Segment Open

(* Let $n\ge 3$ and let $DW_n$ be the double wheel graph. Then $$\chi^+(DW_n)=\begin{cases}5n+1 & \text{if } n \text{ is even},\\ 7n-2 & \text{if } n \text{ is odd}.\end{cases}$$
   Context: The double wheel graph $DW_n=2C_n+K_1$ is obtained from the disjoint union of two cycles $C_n$ by adding one new vertex adjacent to every vertex of both cycles. For a proper colouring $c:V(G)\to\{1,\dots,k\}$ of a graph $G$ (colour $c_i$ identified with the integer $i$), its colouring sum is $\sum_{i=1}^k i\,\theta(c_i)=\sum_{v\in V(G)} c(v)$, where $\theta(c_i)$ is the number of vertices receiving colour $c_i$. The $\chi^+$-chromatic sum $\chi^+(G)$ is the maximum of the colouring sum over all proper colourings of $G$ using exactly $\chi(G)$ colours (the chromatic number), i.e. over all proper colourings $c:V(G)\to\{1,\dots,\chi(G)\}$. *)

From mathcomp Require Import all_boot all_order.
Set Implicit Arguments. Unset Strict Implicit. Unset Printing Implicit Defensive.

(* A colouring with k colours: c : T -> 'I_k; the ordinal i stands for colour c_(i+1). *)
Definition properb (T : finType) (e : rel T) (k : nat) (c : {ffun T -> 'I_k}) : bool :=
  [forall x, forall y, e x y ==> (c x != c y)].

Definition colourable (T : finType) (e : rel T) (k : nat) : bool :=
  [exists c : {ffun T -> 'I_k}, properb e c].

(* Chromatic number: the least k such that e has a proper k-colouring
   (searched in 0..#|T|, which suffices for loopless graphs). *)
Definition chromatic_number (T : finType) (e : rel T) : nat :=
  find (colourable e) (iota 0 #|T|.+1).

Definition chi_plus (T : finType) (e : rel T) : nat :=
  \max_(c : {ffun T -> 'I_(chromatic_number e)} | properb e c)
     \sum_(v : T) (nat_of_ord (c v)).+1.

(* Double wheel DW_n = 2C_n + K_1: vertices None (the hub) and Some (b, i),
   b : bool choosing the copy of the cycle, i : 'I_n its position. *)
Definition dw_vertex (n : nat) := option (bool * 'I_n).

Definition dw_adj (n : nat) : rel (dw_vertex n) :=
  fun x y =>
    match x, y with
    | None, None => false
    | None, Some _ => true
    | Some _, None => true
    | Some (b, i), Some (b', j) =>
        (b == b') && ((nat_of_ord j == (i.+1 %% n)) || (nat_of_ord i == (j.+1 %% n)))
    end.

From mathcomp Require Import all_boot zify.
Set Implicit Arguments. Unset Strict Implicit. Unset Printing Implicit Defensive.

(* The hub colour a cannot appear on
   the rims, so each rim is a proper colouring of C_n by the other colours.
   Summing [f i + f (i+1)] over the edges of a cycle counts every vertex twice,
   and each adjacent pair of distinct colours from a set {x < y < z} sums to at
   most y + z, so 2 * (rim sum) <= n (y + z).  For odd n a rim needs three
   colours, so the smallest one x occurs; weighting it by y - x sharpens the
   bound by 2 (y - x).  Optimising over the hub colour gives 5n + 1 with three
   colours (n even) and 7n - 2 with four (n odd), and alternating colourings of
   the rims attain these values. *)

Lemma sum_ordS n (F : 'I_n -> nat) : \sum_(i < n) F (ordS i) = \sum_(i < n) F i.
Proof. by rewrite [RHS](reindex_inj (@ordS_inj n)). Qed.

Lemma sum_cycle_edges n (f : 'I_n -> nat) :
  \sum_(i < n) (f i + f (ordS i)) = 2 * \sum_(i < n) f i.
Proof. by rewrite big_split /= sum_ordS mul2n addnn. Qed.

Lemma cycle_sum_le n (f : 'I_n -> nat) M :
  (forall i, f i + f (ordS i) <= M) -> 2 * \sum_(i < n) f i <= n * M.
Proof.
move=> hM; rewrite -sum_cycle_edges -[X in X * M]card_ord -sum_nat_const.
by apply: leq_sum => i _; exact: hM.
Qed.

Lemma two_colour_cycle_even n (f : 'I_n -> nat) y z :
  (forall i, f i != f (ordS i)) -> (forall i, f i = y \/ f i = z) -> ~~ odd n.
Proof.
move=> hf hv; pose h i := nat_of_bool (f i == y).
have edge i : h i + h (ordS i) = 1.
  by rewrite /h; move: (hf i); case: (hv i) => ->; case: (hv (ordS i)) => ->; lia.
have : 2 * \sum_(i < n) h i = n.
  by rewrite -sum_cycle_edges (eq_bigr _ (fun i _ => edge i)) sum_nat_const card_ord muln1.
by move=> <-; rewrite mul2n odd_double.
Qed.

Lemma odd_cycle_sum_le n (f : 'I_n -> nat) x y z : odd n -> x < y < z ->
  (forall i, f i != f (ordS i)) -> (forall i, f i = x \/ f i = y \/ f i = z) ->
  2 * \sum_(i < n) f i + 2 * (y - x) <= n * (y + z).
Proof.
move=> on /andP[xy yz] hf hv.
pose g i := f i + (y - x) * (f i == x).
have edge i : g i + g (ordS i) <= y + z.
  rewrite /g; move: (hf i).
  by case: (hv i) => [->|[->|->]]; case: (hv (ordS i)) => [->|[->|->]]; lia.
have /existsP [i0 /eqP fi0] : [exists i, f i == x].
  apply: contraLR on => /existsPn nox; apply: (two_colour_cycle_even (y:=y) (z:=z) hf) => i.
  by case: (hv i) => [fx|//]; move: (nox i); rewrite fx eqxx.
have x_occurs : 1 <= \sum_(i < n) (f i == x) by rewrite (bigD1 i0) //= fi0 eqxx.
have := cycle_sum_le edge; rewrite /g big_split /= -big_distrr /=.
move: (\sum_(i < n) (f i == x)) x_occurs (y - x) => C hC d; nia.
Qed.

Definition colour_sum (T : finType) k (c : {ffun T -> 'I_k}) : nat :=
  \sum_v (c v : nat).+1.

Lemma properb_neq (T : finType) (e : rel T) k (c : {ffun T -> 'I_k}) x y :
  properb e c -> e x y -> c x != c y.
Proof. by move=> /forallP /(_ x) /forallP /(_ y) /implyP. Qed.

Lemma triangle_colours (T : finType) (e : rel T) k (c : {ffun T -> 'I_k}) x y z :
  properb e c -> e x y -> e y z -> e x z -> 3 <= k.
Proof.
move=> hc /(properb_neq hc) hxy /(properb_neq hc) hyz /(properb_neq hc) hxz.
move: (c x) (c y) (c z) hxy hyz hxz => [u hu] [v hv] [w hw]; rewrite -!val_eqE /=; lia.
Qed.

Lemma properb_inord (T : finType) (e : rel T) k (col : T -> nat) :
  (forall v, col v <= k) -> (forall x y, e x y -> col x != col y) ->
  properb e [ffun v => inord (col v) : 'I_k.+1].
Proof.
move=> hk hcol; apply/forallP => x; apply/forallP => y; apply/implyP => exy.
by rewrite !ffunE -val_eqE /= !inordK ?ltnS //; exact: hcol.
Qed.

Lemma chromatic_numberE (T : finType) (e : rel T) K :
  K <= #|T| -> colourable e K -> (forall k, k < K -> ~~ colourable e k) ->
  chromatic_number e = K.
Proof.
move=> hKT hK hlt; rewrite /chromatic_number -(subnKC hKT) -addnS iotaD find_cat.
have -> : has (colourable e) (iota 0 K) = false.
  by apply/negbTE/hasPn => j; rewrite mem_iota => /andP[_]; exact: hlt.
by rewrite size_iota add0n /= hK addn0.
Qed.

Lemma chi_plusE (T : finType) (e : rel T) k (c0 : {ffun T -> 'I_k}) m :
  chromatic_number e = k -> properb e c0 -> colour_sum c0 = m ->
  (forall c : {ffun T -> 'I_k}, properb e c -> colour_sum c <= m) -> chi_plus e = m.
Proof.
move=> hk hc0 <- hmax; subst k; apply/eqP; rewrite eqn_leq.
by rewrite (leq_bigmax_cond _ hc0) andbT; apply/bigmax_leqP.
Qed.

Lemma cycle_sum_le_3colours n (f : 'I_n -> nat) a : 0 < n -> 0 < a <= 3 ->
  (forall i, f i != f (ordS i)) -> (forall i, 0 < f i <= 3 /\ f i != a) ->
  2 * \sum_(i < n) f i + a <= 5 * n + 1.
Proof.
move=> n_gt0 ha hf hv.
have edge i : f i + f (ordS i) <= 6 - a by move: (hf i) (hv i) (hv (ordS i)); lia.
have := cycle_sum_le edge; case: a ha {hv edge} => [|[|[|[|a]]]] //= _; lia.
Qed.

Lemma odd_cycle_sum_le_4colours n (f : 'I_n -> nat) a : odd n -> 3 <= n -> 0 < a <= 4 ->
  (forall i, f i != f (ordS i)) -> (forall i, 0 < f i <= 4 /\ f i != a) ->
  2 * \sum_(i < n) f i + a <= 7 * n - 2.
Proof.
move=> on n_ge3 ha hf hv.
have key x y z : x < y < z -> (forall i, f i = x \/ f i = y \/ f i = z) ->
    2 * \sum_(i < n) f i + 2 * (y - x) <= n * (y + z).
  by move=> xyz; exact: odd_cycle_sum_le.
have n_odd : n = 2 * n./2 + 1 by rewrite addn1 mul2n -[LHS]odd_double_half on.
move: (n./2) n_odd (\sum_(i < n) f i) key => m n_odd S key.
case: a ha hv => [|[|[|[|[|a]]]]] //= _ hv.
- by have := key 2 3 4 isT (fun i => ltac:(have := hv i; lia)); lia.
- by have := key 1 3 4 isT (fun i => ltac:(have := hv i; lia)); lia.
- by have := key 1 2 4 isT (fun i => ltac:(have := hv i; lia)); lia.
- by have := key 1 2 3 isT (fun i => ltac:(have := hv i; lia)); lia.
Qed.

Lemma sum_alternating m a b : \sum_(0 <= i < m.*2) (if odd i then a else b) = m * (a + b).
Proof.
elim: m => [|m IH]; first by rewrite big_geq.
by rewrite doubleS !big_nat_recr //= IH odd_double /=; lia.
Qed.

Section DoubleWheel.

Variable n : nat.
Implicit Types (b : bool) (i : 'I_n).

Lemma dw_adj_hub b i : dw_adj None (Some (b, i)).
Proof. by []. Qed.

Lemma dw_adj_rim b i : dw_adj (Some (b, i)) (Some (b, ordS i)).
Proof. by rewrite /= !eqxx. Qed.

Lemma card_dw_vertex : #|{: dw_vertex n}| = (n + n).+1.
Proof. by rewrite card_option card_prod card_bool card_ord mul2n addnn. Qed.

Lemma sum_dw_vertex (F : dw_vertex n -> nat) :
  \sum_v F v = F None + \sum_b \sum_(i < n) F (Some (b, i)).
Proof.
rewrite (bigD1 None) //=; congr (_ + _).
rewrite (reindex_omap Some (fun x => x)) //=; last by case.
rewrite (eq_bigl predT) => [|p]; last by rewrite eqxx.
by rewrite pair_big; apply: eq_bigr => -[].
Qed.

Lemma dw_colour_sum_le k (c : {ffun dw_vertex n -> 'I_k}) B :
  (forall b, 2 * \sum_(i < n) (c (Some (b, i)) : nat).+1 + (c None).+1 <= B) ->
  colour_sum c <= B.
Proof.
move=> hB; rewrite /colour_sum sum_dw_vertex big_bool /=.
move: (hB true) (hB false) => /=.
move: (\sum_(i < n) _.+1) (\sum_(i < n) _.+1) (c None : nat) => S1 S2 a; lia.
Qed.

Definition dw_colouring k (h : nat) (g : nat -> nat) : {ffun dw_vertex n -> 'I_k.+1} :=
  [ffun v : dw_vertex n => inord (if v is Some (_, i) then g i else h)].

Section Colouring.

Variables (k h : nat) (g : nat -> nat).
Hypotheses (h_le : h <= k) (g_le : forall j, j < n -> g j <= k).

Lemma dw_colouring_proper :
  (forall j, j < n -> g j != h) -> (forall j, j < n -> g j != g (j.+1 %% n)) ->
  properb (@dw_adj n) (dw_colouring k h g).
Proof.
move=> gh gg; apply: properb_inord => [[[b i]|] //|]; first exact: g_le.
move=> [[b i]|] [[b' j]|] //=; last by rewrite eq_sym gh.
- move=> /andP[_ /orP[/eqP -> | /eqP ->]]; first exact: gg.
  by rewrite eq_sym gg.
- by move=> _; apply: gh.
Qed.

Lemma colour_sum_dw_colouring :
  colour_sum (dw_colouring k h g) = h.+1 + 2 * \sum_(0 <= j < n) (g j).+1.
Proof.
rewrite big_mkord /colour_sum sum_dw_vertex big_bool !ffunE inordK // mul2n -addnn.
by congr (_ + (_ + _)); apply: eq_bigr => i _; rewrite ffunE inordK // ltnS g_le.
Qed.

End Colouring.

Section ProperColouring.

Variables (k : nat) (c : {ffun dw_vertex n -> 'I_k}).
Hypothesis c_proper : properb (@dw_adj n) c.

Lemma dw_hub_neq b i : (c None : nat) != c (Some (b, i)).
Proof. exact: properb_neq c_proper (dw_adj_hub b i). Qed.

Lemma dw_rim_neq b i : (c (Some (b, i)) : nat) != c (Some (b, ordS i)).
Proof. exact: properb_neq c_proper (dw_adj_rim b i). Qed.

End ProperColouring.

End DoubleWheel.

Definition dw_even_colouring n : {ffun dw_vertex n -> 'I_3} :=
  dw_colouring n 2 0 (fun j => if odd j then 1 else 2).

(* The last rim vertex gets its own colour, which breaks the parity clash on an odd cycle. *)
Definition dw_odd_colouring n : {ffun dw_vertex n -> 'I_4} :=
  dw_colouring n 3 0 (fun j => if j == n.-1 then 1 else if odd j then 2 else 3).

Lemma dw_even_colouring_proper n : ~~ odd n -> properb (@dw_adj n) (dw_even_colouring n).
Proof.
move=> en; apply: dw_colouring_proper => [//|j _|j _|j _]; try by case: odd.
by rewrite odd_mod ?(negbTE en) //=; case: odd.
Qed.

Lemma dw_odd_colouring_proper n : 3 <= n -> odd n -> properb (@dw_adj n) (dw_odd_colouring n).
Proof.
move=> n_ge3 on; apply: dw_colouring_proper => [//|j _|j _|j j_lt]; try by repeat case: ifP.
have [j_last|j_inner] := eqVneq j n.-1.
- have -> : j.+1 %% n = 0 by rewrite j_last prednK ?modnn //; lia.
  by rewrite (_ : 0 == n.-1 = false) //; apply/eqP; rewrite -subn1; lia.
- rewrite modn_small; last by lia.
  by case: (j.+1 == n.-1) => //=; case: odd.
Qed.

Lemma colour_sum_dw_even n : ~~ odd n -> colour_sum (dw_even_colouring n) = 5 * n + 1.
Proof.
move=> en; rewrite colour_sum_dw_colouring // => [|j _]; last by case: odd.
have [m n_eq] : exists m, n = m.*2 by exists n./2; rewrite -[LHS]odd_double_half (negbTE en).
rewrite n_eq (eq_bigr (fun j => if odd j then 2 else 3)) => [|j _]; last by case: odd.
by rewrite sum_alternating -mul2n; lia.
Qed.

Lemma colour_sum_dw_odd n : odd n -> colour_sum (dw_odd_colouring n) = 7 * n - 2.
Proof.
move=> on; rewrite colour_sum_dw_colouring // => [|j _]; last by repeat case: ifP.
have [m n_eq] : exists m, n = m.*2.+1 by exists n./2; rewrite -[LHS]odd_double_half on.
rewrite n_eq big_nat_recr //= eqxx.
rewrite (eq_big_nat _ _ (F2 := fun j => if odd j then 3 else 4)) => [|j /andP[_ j_lt]].
  by rewrite sum_alternating -mul2n; lia.
by rewrite ltn_eqF //; case: odd.
Qed.

Lemma dw_colours_ge3 n k (c : {ffun dw_vertex n -> 'I_k}) :
  0 < n -> properb (@dw_adj n) c -> 3 <= k.
Proof.
move=> n_gt0 hc; pose i0 : 'I_n := Ordinal n_gt0.
exact: triangle_colours hc (dw_adj_hub false i0) (dw_adj_rim false i0) (dw_adj_hub false _).
Qed.

Lemma dw_colours_ge4 n k (c : {ffun dw_vertex n -> 'I_k}) :
  odd n -> properb (@dw_adj n) c -> 4 <= k.
Proof.
move=> on hc; rewrite leqNgt; apply/negP => k_lt4.
have [y [z two_colours]] :
    exists y z : nat, forall i, (c (Some (false, i)) : nat) = y \/ c (Some (false, i)) = z :> nat.
  move: (c None) (dw_hub_neq hc false) => [h h_lt] /= hub_neq.
  have : h = 0 \/ h = 1 \/ h = 2 by lia.
  by case=> [h0|[h1|h2]]; [exists 1, 2 | exists 0, 2 | exists 0, 1] => i;
    move: (c (Some (false, i))) (hub_neq i) => [v v_lt] /=; lia.
by move: on; apply/negP; exact: two_colour_cycle_even (dw_rim_neq hc false) two_colours.
Qed.

Lemma dw_chromatic_even n : 3 <= n -> ~~ odd n -> chromatic_number (@dw_adj n) = 3.
Proof.
move=> n_ge3 en; apply: chromatic_numberE; first by rewrite card_dw_vertex; lia.
  by apply/existsP; exists (dw_even_colouring n); exact: dw_even_colouring_proper.
move=> k k_lt; apply/existsPn => c; apply/negP => /(dw_colours_ge3 _); lia.
Qed.

Lemma dw_chromatic_odd n : 3 <= n -> odd n -> chromatic_number (@dw_adj n) = 4.
Proof.
move=> n_ge3 on; apply: chromatic_numberE; first by rewrite card_dw_vertex; lia.
  by apply/existsP; exists (dw_odd_colouring n); exact: dw_odd_colouring_proper.
move=> k k_lt; apply/existsPn => c; apply/negP => /(dw_colours_ge4 on); lia.
Qed.

Lemma dw_colour_sum_le_even n (c : {ffun dw_vertex n -> 'I_3}) :
  0 < n -> properb (@dw_adj n) c -> colour_sum c <= 5 * n + 1.
Proof.
move=> n_gt0 hc; apply: dw_colour_sum_le => b.
apply: (cycle_sum_le_3colours (f := fun i => (c (Some (b, i)) : nat).+1)) => //= i.
- by rewrite eqSS; exact: dw_rim_neq.
- by rewrite ltn_ord eqSS eq_sym dw_hub_neq.
Qed.

Lemma dw_colour_sum_le_odd n (c : {ffun dw_vertex n -> 'I_4}) :
  3 <= n -> odd n -> properb (@dw_adj n) c -> colour_sum c <= 7 * n - 2.
Proof.
move=> n_ge3 on hc; apply: dw_colour_sum_le => b.
apply: (odd_cycle_sum_le_4colours (f := fun i => (c (Some (b, i)) : nat).+1)) => //= i.
- by rewrite eqSS; exact: dw_rim_neq.
- by rewrite ltn_ord eqSS eq_sym dw_hub_neq.
Qed.

Theorem proposition2p2 (n : nat) (hn : 3 <= n) :
  chi_plus (@dw_adj n) = if odd n then 7 * n - 2 else 5 * n + 1.
Proof.
case: ifP => [on|/negbT en].
- apply: (chi_plusE (dw_chromatic_odd hn on) (dw_odd_colouring_proper hn on)).
    exact: colour_sum_dw_odd.
  by move=> c; exact: dw_colour_sum_le_odd.
- apply: (chi_plusE (dw_chromatic_even hn en) (dw_even_colouring_proper en)).
    exact: colour_sum_dw_even.
  by move=> c; apply: dw_colour_sum_le_even; lia.
Qed.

Segment Closed

ASSIGNMENT:
Among the records above, extract exactly the lines from the line with "Lemma properb_neq (T" to the line with "move=> hc /(properb_neq", both lines included, and leave out the rest.

ANSWER AREA:
Lemma properb_neq (T : finType) (e : rel T) k (c : {ffun T -> 'I_k}) x y :
  properb e c -> e x y -> c x != c y.
Proof. by move=> /forallP /(_ x) /forallP /(_ y) /implyP. Qed.

Lemma triangle_colours (T : finType) (e : rel T) k (c : {ffun T -> 'I_k}) x y z :
  properb e c -> e x y -> e y z -> e x z -> 3 <= k.
Proof.
move=> hc /(properb_neq hc) hxy /(properb_neq hc) hyz /(properb_neq hc) hxz.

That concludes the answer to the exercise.